The difference between common law reasonable notice and statutory minimum notice can be large in some cases. Therefore, when a termination clause is present in a contract, it will be heavily scrutinised, as it was in Movati Athletic (Group) Inc. v Bergeron.
In this case,
Movati Athletic Inc. may terminate your employment without cause at any time during the term of your employment upon providing you with notice or pay in lieu of notice, and severance, if applicable, pursuant to the Employment Standards Act, 2000 and subject to the continuation of your group benefits coverage, if applicable, for the minimum period required by the Employment Standards Act, 2000 as amended from time to time.

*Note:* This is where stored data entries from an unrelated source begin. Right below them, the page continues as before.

(* Semi-stable semantics is not serialisable: there is no selection function $\alpha$ and termination function $\beta$ such that $\mathrm{sst}(F)=\mathcal{E}^{\alpha,\beta}(F)$ for every abstract argumentation framework $F$.
   Context: An abstract argumentation framework (AF) is a pair $F=(A,R)$ with $A$ a finite subset of a fixed universal set of arguments $\mathfrak{A}$ and $R\subseteq A\times A$ ($a\to b$ means $(a,b)\in R$). For $S\subseteq A$: $S^+=\{a\mid \exists b\in S: b\to a\}$, $S^-=\{a\mid\exists b\in S: a\to b\}$; for sets $S,S'$, $S\to S'$ means $S^+\cap S'\neq\emptyset$. $S$ is admissible if it is conflict-free and every attacker of an element of $S$ is attacked by some element of $S$. A semi-stable extension is an admissible set $E$ such that $E\cup E^+$ is inclusion-maximal among all sets $E'\cup E'^+$ with $E'$ admissible; $\mathrm{sst}(F)$ is the set of semi-stable extensions. An initial set is a non-empty admissible set with no non-empty admissible proper subset; $\mathrm{IS}(F)$ is the set of initial sets. An initial set $S$ is unattacked if $S^-=\emptyset$; unchallenged if $S^-\neq\emptyset$ and no $S'\in\mathrm{IS}(F)$ has $S'\to S$; challenged if some $S'\in\mathrm{IS}(F)$ has $S'\to S$. Write $\mathrm{IS}^{u}(F),\mathrm{IS}^{uc}(F),\mathrm{IS}^{c}(F)$ for these sets. The reduct is $F^S=(A',R\cap(A'\times A'))$ with $A'=A\setminus(S\cup S^+)$. A selection function $\alpha$ maps any three sets $X,Y,Z$ of sets of arguments to a subset of $X\cup Y\cup Z$; a termination function $\beta$ maps pairs $(F,S)$ to $\{0,1\}$. Transitions: $(F,S)\to(F^{S'},S\cup S')$ whenever $S'\in\alpha(\mathrm{IS}^u(F),\mathrm{IS}^{uc}(F),\mathrm{IS}^c(F))$. $(F,S)\leadsto^{\alpha,\beta}(F',S')$ means $(F',S')$ is reachable from $(F,S)$ in finitely many (possibly zero) transitions and $\beta(F',S')=1$. $\mathcal{E}^{\alpha,\beta}(F)$ is the set of all $S$ with $(F,\emptyset)\leadsto^{\alpha,\beta}(F',S)$ for some $F'$. A semantics $\sigma$ is serialisable if there exist $\alpha,\beta$ with $\sigma(F)=\mathcal{E}^{\alpha,\beta}(F)$ for all AFs $F$. *)

From mathcomp Require Import all_boot finmap.
Set Implicit Arguments. Unset Strict Implicit. Unset Printing Implicit Defensive.
Local Open Scope fset_scope.

Notation arg := nat.
Notation argset := {fset arg}.

Definition setset := argset -> Prop.

Record AF := mkAF { args : argset ; att : {fset (arg * arg)} }.

Definition wf_AF (F : AF) : Prop :=
  forall p, p \in att F -> p.1 \in args F /\ p.2 \in args F.

Definition splus (F : AF) (S : argset) : argset :=
  [fset p.2 | p in att F & p.1 \in S].
Definition sminus (F : AF) (S : argset) : argset :=
  [fset p.1 | p in att F & p.2 \in S].

Definition attacks_set (F : AF) (S S' : argset) : Prop :=
  splus F S `&` S' != fset0.

Definition conflict_free (F : AF) (S : argset) : Prop :=
  forall a b, a \in S -> b \in S -> (a, b) \notin att F.

Definition admissible (F : AF) (S : argset) : Prop :=
  S `<=` args F /\ conflict_free F S /\
  forall a b, b \in S -> (a, b) \in att F ->
    exists2 c, c \in S & (c, a) \in att F.

Definition sst (F : AF) (E : argset) : Prop :=
  admissible F E /\
  forall E', admissible F E' -> E `|` splus F E `<=` E' `|` splus F E' ->
    E' `|` splus F E' `<=` E `|` splus F E.

Definition initial (F : AF) (S : argset) : Prop :=
  S != fset0 /\ admissible F S /\
  forall S', S' `<` S -> S' != fset0 -> ~ admissible F S'.

Definition IS_u (F : AF) : setset := fun S => initial F S /\ sminus F S = fset0.
Definition IS_uc (F : AF) : setset :=
  fun S => initial F S /\ sminus F S != fset0 /\
           forall S', initial F S' -> ~ attacks_set F S' S.
Definition IS_c (F : AF) : setset :=
  fun S => initial F S /\ exists2 S', initial F S' & attacks_set F S' S.

Definition reduct (F : AF) (S : argset) : AF :=
  let A' := args F `\` (S `|` splus F S) in
  mkAF A' [fset p in att F | (p.1 \in A') && (p.2 \in A')].

Definition selection := setset -> setset -> setset -> setset.
Definition is_selection (alpha : selection) : Prop :=
  forall X Y Z S, alpha X Y Z S -> X S \/ Y S \/ Z S.
Definition termination := AF -> argset -> bool.

Inductive step (alpha : selection) : AF * argset -> AF * argset -> Prop :=
  | Step F S S' : alpha (IS_u F) (IS_uc F) (IS_c F) S' ->
      step alpha (F, S) (reduct F S', S `|` S').

Inductive reach (alpha : selection) : AF * argset -> AF * argset -> Prop :=
  | reach_refl c : reach alpha c c
  | reach_step c1 c2 c3 : step alpha c1 c2 -> reach alpha c2 c3 -> reach alpha c1 c3.

Definition ext_serial (alpha : selection) (beta : termination) (F : AF) : setset :=
  fun S => exists F', reach alpha (F, fset0) (F', S) /\ beta F' S = true.

Definition serialisable (sigma : AF -> setset) : Prop :=
  exists (alpha : selection) (beta : termination),
    is_selection alpha /\
    forall F, wf_AF F -> forall S, sigma F S <-> ext_serial alpha beta F S.

(* Let F1 consist of the mutual attack 0 <-> 1 and the self-attacking argument 2,
   and let F2 add the attack 1 -> 2.  No admissible set contains the
   self-attacker 2, and 2 attacks nothing else, so both frameworks have the same
   admissible sets and the same initial sets {0} and {1}, classified alike; the
   extra attack disappears in the reduct by {0}, which removes 1.  A
   serialisation yielding {0} in F1 must select {0} first and then runs
   identically from the common reduct, so it yields {0} in F2 as well.  Yet {0}
   is semi-stable in F1, where no admissible set reaches 2, but not in F2, where
   {1} has the strictly larger range {0, 1, 2}. *)

From mathcomp Require Import all_boot finmap.
From Stdlib Require Import FunctionalExtensionality PropExtensionality.
Set Implicit Arguments. Unset Strict Implicit. Unset Printing Implicit Defensive.
Local Open Scope fset_scope.

Lemma setset_ext (P Q : setset) : (forall S, P S <-> Q S) -> P = Q.
Proof.
by move=> PQ; apply: functional_extensionality => S; apply: propositional_extensionality.
Qed.

Lemma splusP F S b :
  reflect (exists2 a, a \in S & (a, b) \in att F) (b \in splus F S).
Proof.
apply: (iffP idP) => [/imfsetP[[a b'] /=]|[a aS ab]].
- by rewrite inE /= => /andP[ab aS] ->; exists a.
- by apply/imfsetP; exists (a, b); rewrite // inE /= ab aS.
Qed.

Lemma sminusP F S a :
  reflect (exists2 b, b \in S & (a, b) \in att F) (a \in sminus F S).
Proof.
apply: (iffP idP) => [/imfsetP[[a' b] /=]|[b bS ab]].
- by rewrite inE /= => /andP[ab bS] ->; exists b.
- by apply/imfsetP; exists (a, b); rewrite // inE /= ab bS.
Qed.

Lemma splus_congr F G S :
  (forall a b, a \in S -> ((a, b) \in att F) = ((a, b) \in att G)) ->
  splus F S = splus G S.
Proof.
move=> eqFG; apply/fsetP => b.
by apply/splusP/splusP => -[a aS ab]; exists a; rewrite // ?eqFG // -eqFG.
Qed.

Lemma reduct_congr F G S :
  args F = args G -> splus F S = splus G S ->
  (forall a b, a \notin S `|` splus F S -> b \notin S `|` splus F S ->
     ((a, b) \in att F) = ((a, b) \in att G)) ->
  reduct F S = reduct G S.
Proof.
move=> eqA eqS eqR; rewrite /reduct -eqA -eqS; congr mkAF.
apply/fsetP => -[a b]; have := eqR a b; rewrite !inE /=.
by do 2![case: (_ || _) => /=]; rewrite ?andbF // => ->.
Qed.

Lemma reach_fsubset alpha c c' : reach alpha c c' -> c.2 `<=` c'.2.
Proof.
elim=> [//|_ _ c3 [F S S' _] _ /= IH]; exact: fsubset_trans (fsubsetUl S S') IH.
Qed.

Lemma reach_first_step alpha F S c : reach alpha (F, S) c ->
  c = (F, S) \/
  exists2 S', alpha (IS_u F) (IS_uc F) (IS_c F) S' &
              reach alpha (reduct F S', S `|` S') c.
Proof.
move=> R; inversion R as [|c1 c2 c3 st R']; first by left.
by inversion st; subst; right; exists S'.
Qed.

Lemma selected_initial alpha F S :
  is_selection alpha -> alpha (IS_u F) (IS_uc F) (IS_c F) S -> initial F S.
Proof. by move=> sel /sel[[]|[[]|[]]]. Qed.

Lemma ext_serial_fset1_transfer alpha beta F G a :
  is_selection alpha ->
  IS_u F = IS_u G -> IS_uc F = IS_uc G -> IS_c F = IS_c G ->
  reduct F [fset a] = reduct G [fset a] ->
  ext_serial alpha beta F [fset a] -> ext_serial alpha beta G [fset a].
Proof.
move=> sel eq_u eq_uc eq_c eq_red [F' [R beta_F']]; exists F'; split=> //.
case: (reach_first_step R) => [[_ /fsetP/(_ a)]|[S' selS' R']]; first by rewrite !inE eqxx.
have S'_a : S' = [fset a].
  have [S'_neq0 _] := selected_initial sel selS'.
  have := reach_fsubset R'.
  by rewrite /= fset0U fsubset1 (negPf S'_neq0) orbF => /eqP.
rewrite S'_a eq_u eq_uc eq_c eq_red in selS' R'.
exact: reach_step (Step fset0 selS') R'.
Qed.

Definition attacks_only_itself (F : AF) (x : arg) : Prop :=
  forall b, ((x, b) \in att F) = (b == x).

Definition attacks_agree_off (F G : AF) (x : arg) : Prop :=
  args F = args G /\ forall a b, b != x -> ((a, b) \in att F) = ((a, b) \in att G).

Lemma attacks_agree_off_sym F G x :
  attacks_agree_off F G x -> attacks_agree_off G F x.
Proof. by case=> eqA eqR; split=> // a b /eqR. Qed.

Lemma conflict_free_self_attacker F S x :
  attacks_only_itself F x -> conflict_free F S -> x \notin S.
Proof. by move=> xx cf; apply/negP => xS; have := cf _ _ xS xS; rewrite xx eqxx. Qed.

Lemma attacks_agree_into F G x (S : argset) a b :
  attacks_agree_off F G x -> x \notin S -> b \in S ->
  ((a, b) \in att F) = ((a, b) \in att G).
Proof. by move=> FG xS bS; apply: FG.2; apply: contraNneq xS => <-. Qed.

Lemma admissible_agree_off F G x (S : argset) :
  attacks_agree_off F G x -> attacks_only_itself F x ->
  admissible F S -> admissible G S.
Proof.
move=> FG xF [sub [cf def]]; have xS := conflict_free_self_attacker xF cf.
split; first by rewrite -FG.1.
split=> [a b aS bS|a b bS]; first by rewrite -(attacks_agree_into _ FG xS bS) cf.
rewrite -(attacks_agree_into _ FG xS bS) => ab; have [c cS ca] := def a b bS ab.
(* [a] attacks [b <> x] and [x] attacks only itself, so [a <> x]. *)
exists c => //; rewrite -FG.2 //; apply: contraNneq xS => ax.
by move: ab; rewrite ax xF => /eqP <-.
Qed.

Section SelfAttacker.

Variables (F G : AF) (x : arg).
Hypotheses (FG : attacks_agree_off F G x).
Hypotheses (xF : attacks_only_itself F x) (xG : attacks_only_itself G x).

Lemma initial_agree_off : initial F = initial G.
Proof.
have adm S : admissible F S <-> admissible G S.
  by split; [exact: admissible_agree_off FG xF |
              exact: admissible_agree_off (attacks_agree_off_sym FG) xG].
apply: setset_ext => S; rewrite /initial.
by split=> -[S_neq0 [/adm admS minS]]; do 2!split=> //;
  move=> S' ltS' S'_neq0 /adm; apply: minS.
Qed.

Lemma initial_notin S : initial G S -> x \notin S.
Proof. by case=> _ [[_ [cf _]] _]; exact: conflict_free_self_attacker xG cf. Qed.

Lemma sminus_agree_off S : x \notin S -> sminus F S = sminus G S.
Proof.
move=> xS; apply/fsetP => a.
by apply/sminusP/sminusP => -[b bS ab]; exists b;
  rewrite // ?(attacks_agree_into _ FG xS bS) // -(attacks_agree_into _ FG xS bS).
Qed.

Lemma attacks_set_agree_off S' S :
  x \notin S -> attacks_set F S' S = attacks_set G S' S.
Proof.
move=> xS; rewrite /attacks_set; congr (is_true (_ != _)).
apply/fsetP => b; rewrite !inE; case bS: (b \in S); rewrite ?andbF ?andbT //.
by apply/splusP/splusP => -[a aS ab]; exists a;
  rewrite // ?(attacks_agree_into _ FG xS bS) // -(attacks_agree_into _ FG xS bS).
Qed.

Lemma IS_u_agree_off : IS_u F = IS_u G.
Proof.
apply: setset_ext => S; rewrite /IS_u initial_agree_off.
by split=> -[iS]; rewrite (sminus_agree_off (initial_notin iS)).
Qed.

Lemma IS_uc_agree_off : IS_uc F = IS_uc G.
Proof.
apply: setset_ext => S; rewrite /IS_uc initial_agree_off.
split=> -[iS [attacked unch]]; have xS := initial_notin iS.
- rewrite -sminus_agree_off //; split=> //; split=> // S'.
  by rewrite -attacks_set_agree_off //; exact: unch.
- rewrite sminus_agree_off //; split=> //; split=> // S'.
  by rewrite attacks_set_agree_off //; exact: unch.
Qed.

Lemma IS_c_agree_off : IS_c F = IS_c G.
Proof.
apply: setset_ext => S; rewrite /IS_c initial_agree_off.
split=> -[iS [S' iS' S'_S]]; have xS := initial_notin iS; split=> //; exists S'=> //.
- by rewrite -attacks_set_agree_off.
- by rewrite attacks_set_agree_off.
Qed.

End SelfAttacker.

Definition F1 : AF := mkAF [fset 0; 1; 2] [fset (0, 1); (1, 0); (2, 2)].
Definition F2 : AF := mkAF [fset 0; 1; 2] [fset (0, 1); (1, 0); (1, 2); (2, 2)].

Lemma att_F1 a b : ((a, b) \in att F1) =
  [|| (a == 0) && (b == 1), (a == 1) && (b == 0) | (a == 2) && (b == 2)].
Proof. by rewrite !inE !xpair_eqE; case: a => [|[|[|a]]]; case: b => [|[|[|b]]]. Qed.

Lemma att_F2 a b : ((a, b) \in att F2) = ((a, b) \in att F1) || (a == 1) && (b == 2).
Proof. by rewrite att_F1 !inE !xpair_eqE; case: a => [|[|[|a]]]; case: b => [|[|[|b]]]. Qed.

Lemma wf_F1 : wf_AF F1.
Proof. by move=> [a b]; rewrite att_F1 !inE; case: a => [|[|[|a]]]; case: b => [|[|[|b]]]. Qed.

Lemma wf_F2 : wf_AF F2.
Proof. by move=> [a b]; rewrite att_F2 att_F1 !inE; case: a => [|[|[|a]]]; case: b => [|[|[|b]]]. Qed.

Lemma F1_only_2 : attacks_only_itself F1 2.
Proof. by move=> b; rewrite att_F1; case: b => [|[|[|b]]]. Qed.

Lemma F2_only_2 : attacks_only_itself F2 2.
Proof. by move=> b; rewrite att_F2 att_F1; case: b => [|[|[|b]]]. Qed.

Lemma F1_F2_agree_off : attacks_agree_off F1 F2 2.
Proof. by split=> // a b b_neq2; rewrite att_F2 (negPf b_neq2) andbF orbF. Qed.

Lemma reduct_F1_F2 : reduct F1 [fset 0] = reduct F2 [fset 0].
Proof.
have splus0 : splus F1 [fset 0] = splus F2 [fset 0].
  by apply: splus_congr => a b /fset1P ->; rewrite att_F2 orbF.
apply: reduct_congr => // a b a_out _; rewrite att_F2.
suff /negPf -> : a != 1 by rewrite orbF.
apply: contraNneq a_out => ->; apply/fsetUP; right.
by apply/splusP; exists 0; rewrite ?inE // att_F1.
Qed.

Lemma admissible_F1_range E : admissible F1 E -> E `|` splus F1 E `<=` [fset 0; 1].
Proof.
move=> [sub [cf _]]; have E2 := conflict_free_self_attacker F1_only_2 cf.
apply/fsubsetP => b /fsetUP[bE|/splusP[a aE]].
- have := fsubsetP sub b bE; rewrite !inE.
  by case: b bE => [|[|[|b]]] // bE; rewrite bE in E2.
- rewrite att_F1 !inE.
  by case: a aE => [|[|[|a]]] aE; case: b => [|[|[|b]]] //; rewrite aE in E2.
Qed.

Lemma sst_F1 : sst F1 [fset 0].
Proof.
have adm0 : admissible F1 [fset 0].
  split; first by apply/fsubsetP => a /fset1P ->; rewrite !inE.
  split=> [a b /fset1P -> /fset1P ->|a b /fset1P -> ab]; first by rewrite att_F1.
  by exists 0; rewrite ?inE //; move: ab; rewrite !att_F1; case: a => [|[|[|a]]].
split=> // E admE _; apply: fsubset_trans (admissible_F1_range admE) _.
apply/fsubsetP => b; rewrite !inE => /orP[]/eqP-> //=.
by apply/splusP; exists 0; rewrite ?inE // att_F1.
Qed.

Lemma not_sst_F2 : ~ sst F2 [fset 0].
Proof.
move=> [_ maxF2].
have adm1 : admissible F2 [fset 1].
  split; first by apply/fsubsetP => a /fset1P ->; rewrite !inE.
  split=> [a b /fset1P -> /fset1P ->|a b /fset1P -> ab]; first by rewrite att_F2 att_F1.
  by exists 1; rewrite ?inE //; move: ab; rewrite !att_F2 !att_F1; case: a => [|[|[|a]]].
have range1 b : b \in [fset 0; 1; 2] -> b \in [fset 1] `|` splus F2 [fset 1].
  move=> b3; apply/fsetUP; case: (b =P 1) => [->|/eqP b_neq1]; first by left; rewrite inE.
  right; apply/splusP; exists 1; first by rewrite inE.
  by move: b3 b_neq1; rewrite att_F2 att_F1 !inE; case: b => [|[|[|b]]].
have sub : [fset 0] `|` splus F2 [fset 0] `<=` [fset 1] `|` splus F2 [fset 1].
  apply/fsubsetP => b /fsetUP[/fset1P->|/splusP[a /fset1P-> ab]]; apply: range1.
    by rewrite !inE.
  by move: ab; rewrite att_F2 att_F1 !inE; case: b => [|[|[|b]]].
have in_range1 : 2 \in [fset 1] `|` splus F2 [fset 1] by apply: range1; rewrite !inE.
have /fsetUP[] := fsubsetP (maxF2 _ adm1 sub) 2 in_range1; first by rewrite inE.
by case/splusP => a /fset1P->; rewrite att_F2 att_F1.
Qed.

Theorem theorem9 : ~ serialisable sst.
Proof.
move=> [alpha [beta [sel sem]]].
apply: not_sst_F2; apply/(sem F2 wf_F2).
have agree := F1_F2_agree_off.
apply: (ext_serial_fset1_transfer sel
          (IS_u_agree_off agree F1_only_2 F2_only_2)
          (IS_uc_agree_off agree F1_only_2 F2_only_2)
          (IS_c_agree_off agree F1_only_2 F2_only_2) reduct_F1_F2).
exact: (sem F1 wf_F1 _).1 sst_F1.
Qed.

After 16 months of employment,
The motion judge noted that the wording did not contain any explanation or warning. She noted that if the termination provision had contained words such as “upon termination, severance, if applicable will be paid only pursuant to the ESA… only for the minimum period required by the ESA”, that language would have clearly rebutted the presumption of reasonable notice at common law.
The employer appealed the motion judge’s decision to the Divisional Court. Interestingly, the parties agreed that the termination clause is enforceable as it meets the minimum requirements set out in the ESA. The motion judge acknowledged that employers can rebut the presumption of reasonable notice by clearly agreeing to a different notice period provided that agreement complies with the minimum requirements set out in the ESA. However, the problem with the termination clause, according to the motion judge, was that it did not clearly rebut the presumption of reasonable notice.
The Divisional Court noted that while the words “pursuant to the ESA” may be interpreted to mean that the notice period in the termination clause complies with the minimum requirements in the legislation, they do not clearly provide that reasonable notice at common law no longer applies.
The Divisional Court also noted that Movati used different wording with respect to termination at different points of the contract. The probation clause in Ms. Bergeron’s agreement limited the notice of termination during the probationary period to “only providing you with the minimum notice necessary to ensure compliance with the ESA as amended from time to time.” So while the notice provision in the probation clause clearly limited Ms. Bergeron’s rights upon termination, the termination clause did not. Therefore, the Divisional Court agreed with the motion judge that the termination clause was not enforceable.
Lessons to be Learned
Given the ever-evolving nature of litigation surrounding termination clauses, and the number of creative loopholes employee counsel can craft, if you have been recently terminated, you should speak to an employment lawyer even if you signed an employment contract with a termination clause. If you would like to speak to a lawyer at the MacLeod Law Firm, you can reach us at [email protected]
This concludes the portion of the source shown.